The following opinion piece was written by Ms. Simreen Kheraj for an advanced sports journalism class at the University of North Texas:

By Simreen Kheraj
UNT Athletics Working to Advance Equity
In Men’s, Women’s Sports
The University of North Texas athletics program consisted of 441 student athletes, in 2016, 56 percent of which were female athletes. Unlike many NCAA Division I universities, North Texas’ sports teams are dominated by women’s sports, eight belonging to women and only four to men. Even though male sports make up a third of the athletics at North Texas, the women only receive around 73 percent of the financial aid than the men do.
Not only are the female athletes receiving less money than male athletes, the men’s teams head coaches made an average of $178,138, while the women’s head coaches averaged $57,741. The women athletes and coaches make up a majority of the North Texas athletics program, yet the funding for them are lacking.
Although the women’s sports seem to be undervalued at North Texas, the women’s only bring in $6 million in revenue while men’s sports earn $10 million.
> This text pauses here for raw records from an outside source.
Lemma sum_vnormalize_col n (u : nat -> nat) : (0 < \sum_(k < n) u k)%N ->
  \sum_i vnormalize (\col_k (u k)%:R : 'cV[R]_n) i ord0 = 1.
Proof.
move=> sum_gt0; under eq_bigr do rewrite vnormalize_col.
by rewrite -mulr_suml -natr_sum divff // pnatr_eq0 -lt0n.
Qed.

Lemma middle_vnormalize_col_le n b (u : nat -> nat) : (0 < n)%N -> (0 < b)%N ->
  balanced n b u ->
  \sum_(i < n | (0 < i < n.-1)%N) vnormalize (\col_k (u k)%:R : 'cV[R]_n) i ord0
    <= n%:R / b%:R.
Proof.
move=> n_gt0 b_gt0 /andP[u0_gt0 bal].
have sum_gt0 := leq_trans u0_gt0 (sum_ord_ge_first u n_gt0).
under eq_bigr do rewrite vnormalize_col.
rewrite -mulr_suml -natr_sum middle_sum_ord.
rewrite ler_pdivrMr ?ltr0n // mulrAC ler_pdivlMr ?ltr0n // -!natrM ler_nat mulnC.
by rewrite (leq_trans bal) // leq_mul2l sum_ord_ge_last ?orbT.
Qed.

Lemma cvg_sum_ord (T : Type) (F : set_system T) n (P : pred 'I_n)
    (f : 'I_n -> T -> R) (l : 'I_n -> R) : Filter F ->
  (forall i, f i @ F --> l i) ->
  (fun x => \sum_(i < n | P i) f i x) @ F --> \sum_(i < n | P i) l i.
Proof. by move=> FF f_cvg; apply: cvg_big => //; exact: add_continuous. Qed.

Lemma theta_prod_limit_bounds n h (a c : nat -> nat) j (l : 'I_n -> R) :
  n = (2 * h).+2 -> (forall k, (0 < k)%N -> (2 * a k <= c k.+1)%N) -> (0 < c j.+1)%N ->
  (forall i, (fun m => vnormalize (ThetaProdVec R n a c j m) i ord0) @ \oo --> l i) ->
  \sum_i l i = 1 /\ \sum_(i < n | (0 < i < n.-1)%N) l i <= n%:R / (c j.+1)%:R.
Proof.
move=> nE ac c_gt0 l_cvg; have n_gt0 : (0 < n)%N by rewrite nE.
have bal m := balanced_theta_prod nE ac j (m - j).
have pos m : (0 < \sum_(k < n) theta_prod n a c j (m - j) k)%N.
  by case/andP: (bal m) => u0_gt0 _; apply: leq_trans u0_gt0 (sum_ord_ge_first _ n_gt0).
split.
- have sum1 m : \sum_i vnormalize (ThetaProdVec R n a c j m) i ord0 = 1.
    by rewrite ThetaProdVecE sum_vnormalize_col.
  have sum_cvg := cvg_sum_ord (P := xpredT) eventually_filter l_cvg.
  apply/eqP; rewrite eq_le (cvgr_to_le sum_cvg) ?(cvgr_to_ge sum_cvg) //;
    by apply: nearW => m; rewrite sum1.
- apply: (cvgr_to_le (cvg_sum_ord (P := fun i : 'I_n => (0 < i < n.-1)%N) _ l_cvg)).
  by apply: nearW => m; rewrite ThetaProdVecE middle_vnormalize_col_le.
Qed.

End RealVectors.

Lemma fine_measure_bigcup_ord d (T : measurableType d) (R : realType)
    (mu : {measure set T -> \bar R}) n (F : 'I_n -> set T) (P : pred 'I_n) :
  (forall i, measurable (F i)) -> (forall i k, i != k -> F i `&` F k = set0) ->
  (forall i, mu (F i) \is a fin_num) ->
  fine (mu (\bigcup_(i in [set i | P i]) F i)) = \sum_(i < n | P i) fine (mu (F i)).
Proof.
move=> F_meas F_disj F_fin.
have -> : [set i | P i] = [set` P] by apply/seteqP; split.
rewrite measure_fin_bigcup //; last first.
  move=> i k _ _ [x [Fix Fkx]]; apply/eqP; apply: contraT => /F_disj FiFk.
  by have : (F i `&` F k) x by []; rewrite FiFk.
rewrite -(bigfs _ (r := index_enum _)) ?index_enum_uniq //; last first.
  by move=> i _; rewrite mem_index_enum.
rewrite (eq_bigr (fun i => (fine (mu (F i)))%:E)) ?sumEFin //.
by move=> i _; rewrite fineK.
Qed.

Lemma fine_measure_bigcup_ratio d (T : measurableType d) (R : realType)
    (mu : {measure set T -> \bar R}) n (F : 'I_n -> set T) (P : pred 'I_n) (t : R) :
  (forall i, measurable (F i)) -> (forall i k, i != k -> F i `&` F k = set0) ->
  (forall i, mu (F i) \is a fin_num) -> \sum_i fine (mu (F i)) / t = 1 ->
  fine (mu (\bigcup_(i in [set i | P i]) F i)) / fine (mu (\bigcup_(i in [set: 'I_n]) F i))
    = \sum_(i < n | P i) fine (mu (F i)) / t.
Proof.
move=> F_meas F_disj F_fin sum1.
have total : \sum_i fine (mu (F i)) = t by apply: divr1_eq; rewrite mulr_suml.
have -> : [set: 'I_n] = [set i | xpredT i] by apply/seteqP; split.
by rewrite !fine_measure_bigcup_ord // total mulr_suml.
Qed.

Lemma sum_ord_ends_middle (V : nmodType) n (F : 'I_n -> V) :
  \sum_(i < n | (i == 0 :> nat) || (i == n.-1 :> nat)) F i
    + \sum_(i < n | (0 < i < n.-1)%N) F i = \sum_(i < n) F i.
Proof.
rewrite [RHS](bigID (fun i : 'I_n => (i == 0 :> nat) || (i == n.-1 :> nat))) /=.
congr (_ + _); apply: eq_bigl => i; have := ltn_ord i.
case: (nat_of_ord i) => [|k] /= k_lt //.
by rewrite ltn_neqAle (_ : (k.+1 <= n.-1)%N) ?andbT //; lia.
Qed.

Theorem mainTheorem5 (R : realType) (n p c1 : nat) (a c : nat -> nat)
  (mu : {measure set R -> \bar R}) (I : nat -> set R) (Isub : nat -> 'I_n -> set R) :
  (4 <= n)%N -> ~~ odd n -> (n.+1 <= p)%N -> (0 < c1)%N ->
  c 1%N = c1 ->
  (forall k, (1 <= k)%N -> a k = (p * c k)%N) ->
  (forall k, (1 <= k)%N -> c k.+1 = (p ^ 2 * c k)%N) ->
  mu [set: R] = 1%E ->
  (forall j i, measurable (Isub j i)) ->
  (forall j (i k : 'I_n), i != k -> Isub j i `&` Isub j k = set0) ->
  (forall j, I j = \bigcup_(i in [set: 'I_n]) Isub j i) ->
  (forall j, exists2 t : R, 0 < t &
     forall i : 'I_n,
       (fun m => vnormalize (ThetaProdVec R n a c j m) i ord0) @ \oo
         --> (fine (mu (Isub j i)) / t : R)) ->
  forall j, (1 <= j)%N ->
    1 / 2 < fine (mu (\bigcup_(i in [set i : 'I_n | (nat_of_ord i == 0%N) || (nat_of_ord i == n.-1)]) Isub j i))
              / fine (mu (I j))
    /\
    fine (mu (\bigcup_(i in [set i : 'I_n | (0 < nat_of_ord i < n.-1)%N]) Isub j i))
      / fine (mu (I j)) < n%:R / (c j)%:R.
Proof.
move=> n_ge4 n_even p_gt_n c1_gt0 c1E aE cE muT Isub_meas Isub_disj IE Isub_lim j j_ge1.
have [h nE] : exists h, n = (2 * h).+2.
  exists (n./2).-1; move: (odd_double_half n); rewrite (negbTE n_even) add0n -mul2n; lia.
have c_gt0 k : (0 < k)%N -> (0 < c k)%N.
  elim: k => // -[_ _|k IH _]; first by rewrite c1E.
  by rewrite cE // muln_gt0 expn_gt0 IH //; lia.
have p2_gt : (2 * n < p ^ 2)%N by rewrite -mulnn; nia.
have two_a_le k : (0 < k)%N -> (2 * a k <= c k.+1)%N.
  by move=> k_gt0; rewrite aE // cE // mulnA leq_mul2r -mulnn leq_mul2r; lia.
have [t _ l_cvg] := Isub_lim j.
have [sum1 mid_le] := theta_prod_limit_bounds nE two_a_le (c_gt0 j.+1 isT) l_cvg.
have mu_fin i : mu (Isub j i) \is a fin_num.
  rewrite ge0_fin_numE ?measure_ge0 // (le_lt_trans _ (ltry 1)) // -muT.
  by apply: le_measure; rewrite ?inE.
rewrite IE !(fine_measure_bigcup_ratio _ (Isub_meas j) (Isub_disj j) mu_fin sum1).
have := sum_ord_ends_middle (fun i => fine (mu (Isub j i)) / t); rewrite sum1.
set ends := \sum_(i < n | _) _; set middle := \sum_(i < n | _) _ => ends_middle.
(* the same bound, restated by conversion so that [lra] sees [middle] as a single atom *)
have {}mid_le : middle <= n%:R / (c j.+1)%:R := mid_le.
have cj_gt0 := c_gt0 j j_ge1.
have below_half : n%:R / (c j.+1)%:R < 1 / 2 :> R.
  rewrite ltr_pdivrMr ?ltr0n ?c_gt0 // mul1r mulrC ltr_pdivlMr ?ltr0n //.
  by rewrite -natrM ltr_nat cE // mulnC; apply: leq_trans p2_gt (leq_pmulr _ cj_gt0).
have below_cj : n%:R / (c j.+1)%:R < n%:R / (c j)%:R :> R.
  rewrite ltr_pdivrMr ?ltr0n ?c_gt0 // mulrAC ltr_pdivlMr ?ltr0n //.
  by rewrite -!natrM ltr_nat cE // ltn_pmul2l ?ltn_Pmull //; lia.
split; lra.
Qed.
Lemma continuous_Ropp_comp (f : R -> R) (x : R) :
  continuous f x -> continuous (fun t => - f t) x.
Proof. exact (continuous_opp f x). Qed.

Lemma continuous_Rmult_comp (f g : R -> R) (x : R) :
  continuous f x -> continuous g x -> continuous (fun t => f t * g t) x.
Proof. exact (continuous_mult f g x). Qed.

Ltac continuity :=
  repeat match goal with
  | |- continuous (fun _ => ?c) _ => apply continuous_const
  | |- continuous (fun t => t) _ => apply continuous_id
  | |- continuous (fun _ => exp _) _ => apply continuous_exp_comp
  | |- continuous (fun _ => / _) _ => apply continuous_Rinv_comp
  | |- continuous (fun _ => _ / _) _ => apply continuous_Rmult_comp
  | |- continuous (fun _ => _ - _) _ => apply continuous_Rminus_comp
  | |- continuous (fun _ => _ + _) _ => apply continuous_Rplus_comp
  | |- continuous (fun _ => _ * _) _ => apply continuous_Rmult_comp
  | |- continuous (fun _ => - _) _ => apply continuous_Ropp_comp
  | |- continuous (Rmult ?c) _ => apply (continuous_Rmult_comp (fun _ => c) (fun t => t))
  | |- continuous (Rplus ?c) _ => apply (continuous_Rplus_comp (fun _ => c) (fun t => t))
  | |- continuous _ _ => solve [eauto]
  end.

Ltac rewrite_Derive :=
  repeat match goal with
  | H : is_derive ?f ?x ?l |- context [Derive (fun y => ?f y) ?x] =>
      rewrite (is_derive_unique (fun y : R => f y) x l H)
  end.

Ltac derive :=
  auto_derive; [repeat split; try (eexists; eassumption); try assumption | rewrite_Derive].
The correlation of revenue and funding may be the reason for the gender disparity.
North Texas takes pride in the diversity, equity, and inclusion policies, but they somehow seem to be overlooking the wage gap and scholarship inequality in sports. This issue has always been a major issue in the media and sports industry as well, North Texas is not alone in this matter.
Male athletes and coaches sign multimillion dollar contracts while female athletes rarely make more than $100,000 annually. The lack of value is universal and it must come to an end universally. The issue, being as deep-seeded as it is, depends on many variables in order to close such a gap.
In order to do so there must be an increase in revenue, which is a direct result of an increase in attendance. Women’s sports lack popularity and awareness on campus and within the media.
This issue is nothing new to the sports industry and the circumstances are not limited to North Texas. Women’s sports even on the professional level are undervalued, for example, the Women’s USA soccer team has prove to be much more successful than the Men’s USA team. Even though the women are more decorated, their supporters section and their salaries don’t even compare to the men’s. In my opinion, we need to take a look at sports media and change the approach to advertising and covering women’s sports.